----- Supplied information

Lemma nu_rem_term p i : nu (rem p i * Q ^+ i) = vadd (nu (qcoef Q p i * Q ^+ i)) (Some y).
Proof.
rewrite /rem; have [-> | p0] := eqVneq (qcoef Q p i) 0.
  by rewrite mulr0 mod0p !mul0r (nu0 hnu).
have [z nup] := key_nu_small_fin hnu Q_key p0 (size_qcoef Q_neq0 p i).
have [nu_rem _] :=
  key_mul_small hL hnu Q_key Q_nonconst h_neq0 p0 h_small (size_qcoef Q_neq0 p i).
rewrite !(nuM hnu) nu_rem (nuM hnu) nu_h nup (nuX hnu _ nuQ_y) /=.
by rewrite -addrA addrC.
Qed.

Lemma nu_quo_term p i mu : vle (Some mu) (nu (qcoef Q p i * Q ^+ i)) ->
  vlt (Some (mu + y)) (nu (quo p i * Q ^+ i.+1)).
Proof.
rewrite /quo; have [-> | p0] := eqVneq (qcoef Q p i) 0.
  by rewrite mulr0 div0p !mul0r (nu0 hnu).
have [z nup] := key_nu_small_fin hnu Q_key p0 (size_qcoef Q_neq0 p i).
have [_] := key_mul_small hL hnu Q_key Q_nonconst h_neq0 p0 h_small (size_qcoef Q_neq0 p i).
rewrite nu_mulQS !(nuM hnu) nu_h nup (nuX hnu _ nuQ_y) nuQ_y.
case: (nu (quo p i)) => [v|] //= lt_zv le_mu.
rewrite addrC (og_ltrD2r hL) in lt_zv.
by rewrite (og_ltrD2r hL); apply: le_lt_trans le_mu _; rewrite (og_ltrD2r hL).
Qed.

Lemma qlead_mul_addQ p c k lam : qlead p c k lam -> qlead (p * (Q + h)) c k.+1 (lam + y).
Proof.
case=> le_lam lt_lam lead_c.
have shift_le a : vle (Some lam) a -> vle (Some (lam + y)) (vadd a (Some y)).
  by rewrite -[Some (lam + y)]/(vadd (Some lam) (Some y)) (vle_addr hL).
have shift_lt a : vlt (Some lam) a -> vlt (Some (lam + y)) (vadd a (Some y)).
  by rewrite -[Some (lam + y)]/(vadd (Some lam) (Some y)) (vlt_addr hL).
split.
- move=> [|i]; rewrite qcoef_mul_addQ; first by rewrite addr0 nu_rem_term shift_le.
  rewrite !mulrDl; apply: (vle_nuD hnu); first by rewrite nu_rem_term shift_le.
  apply: (vle_nuD hnu); first by rewrite nu_mulQS shift_le.
  exact/(vlt_vle)/nu_quo_term.
- move=> [|i] // ki; rewrite qcoef_mul_addQ !mulrDl.
  apply: (vlt_nuD hnu); first by rewrite nu_rem_term shift_lt // lt_lam // ltnW.
  apply: (vlt_nuD hnu); last exact: nu_quo_term.
  by rewrite nu_mulQS shift_lt // lt_lam.
- have -> : qcoef Q (p * (Q + h)) k.+1 - c = rem p k.+1 + ((qcoef Q p k - c) + quo p k).
    by rewrite qcoef_mul_addQ; ring.
  rewrite mulrDl [(_ + quo p k) * _]mulrDl.
  apply: (vlt_nuD hnu); first by rewrite nu_rem_term shift_lt // lt_lam.
  apply: (vlt_nuD hnu); last exact: nu_quo_term.
  by rewrite nu_mulQS shift_lt.
Qed.

Lemma qlead_mulX g x j : (size g < size Q)%N -> nu g = Some x ->
  qlead (g * (Q + h) ^+ j) g j (x + y *+ j).
Proof.
move=> g_small nug; elim: j => [|j IH].
  have qcoef_g i : qcoef Q g i = if i == 0%N then g else 0.
    by rewrite -[g]mulr1 -(expr0 Q) (qcoef_monomial Q_neq0) ?mulr1.
  rewrite expr0 mulr1 mulr0n addr0; split=> [[|i] | [|i] // | ]; rewrite !qcoef_g //=.
  - by rewrite expr0 mulr1 nug /= lexx.
  - by rewrite !mul0r (nu0 hnu).
  - by rewrite !mul0r (nu0 hnu).
  - by rewrite subrr mul0r (nu0 hnu).
by rewrite exprSr mulrA mulrSr addrA; apply: qlead_mul_addQ.
Qed.

End LeadingTerm.

Section ChangeOfKey.
Variables (K : fieldType) (L : porderZmodType) (hL : ordered_group L).
Variables (nu : {poly K} -> vinf L) (hnu : is_poly_valuation nu).
Variables (Q R : {poly K}) (y rho : L).
Hypotheses (Q_key : key_poly nu Q) (R_key : key_poly nu R).
Hypotheses (Q_nonconst : (1 < size Q)%N) (size_RQ : size R = size Q).
Hypotheses (nuQ_y : nu Q = Some y) (nuR_rho : nu R = Some rho) (y_lt_rho : y < rho).

Let R_nonconst : (1 < size R)%N. Proof. by rewrite size_RQ. Qed.
Let R_neq0 : R != 0. Proof. by rewrite -size_poly_gt0 ltnW. Qed.

Lemma size_key_sub : (size (R - Q)%R < size Q)%N.
Proof.
have le_RQ : (size (R - Q)%R <= size Q)%N.
  by rewrite (leq_trans (size_polyD _ _)) // size_polyN size_RQ maxnn.
rewrite ltn_neqAle le_RQ andbT; apply/eqP => e.
have : lead_coef (R - Q) == 0.
  rewrite lead_coefE e coefB -{1}size_RQ -!lead_coefE.
  by rewrite (monicP Q_key.1) (monicP R_key.1) subrr.
rewrite lead_coef_eq0 => /eqP e0; move: Q_nonconst; by rewrite -e e0 size_poly0.
Qed.

Lemma nu_key_sub : nu (R - Q) = Some y.
Proof. by rewrite addrC (nuD_eq hL hnu) (nuN hL hnu) nuQ_y // nuR_rho. Qed.

Variable f : {poly K}.
Local Notation g j := (qcoef R f j).
(* [lam j] is [nu (g j * Q ^+ j)] whenever [g j != 0], the only case used. *)
Let lam j := odflt 0 (nu (g j * Q ^+ j)).

Lemma qlead_qcoef_mulX j : g j != 0 ->
  nu (g j * Q ^+ j) = Some (lam j) /\ qlead nu Q (g j * R ^+ j) (g j) j (lam j).
Proof.
move=> gj0; have g_small : (size (g j) < size Q)%N by rewrite -size_RQ size_qcoef.
have [x nu_g] := key_nu_small_fin hnu Q_key gj0 g_small.
have nu_gQ : nu (g j * Q ^+ j) = Some (x + y *+ j).
  by rewrite (nuM hnu) nu_g (nuX hnu _ nuQ_y).
rewrite /lam nu_gQ; split=> //.
have := qlead_mulX hL hnu Q_nonconst Q_key nuQ_y nu_key_sub size_key_sub j g_small nu_g.
by rewrite addrC subrK.
Qed.

Lemma nuQ_qcoef_mulX j : g j != 0 -> nuQ nu Q (g j * R ^+ j) = Some (lam j).
Proof. by case/qlead_qcoef_mulX => nu_gQ /(qlead_nuQ hL hnu Q_nonconst); apply. Qed.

----------

▶ Goal of the exercise
Go through the data and return each line where the word "addrC" appears.

▶ Task response
by rewrite -addrA addrC.
rewrite addrC (og_ltrD2r hL) in lt_zv.
Proof. by rewrite addrC (nuD_eq hL hnu) (nuN hL hnu) nuQ_y // nuR_rho. Qed.
by rewrite addrC subrK.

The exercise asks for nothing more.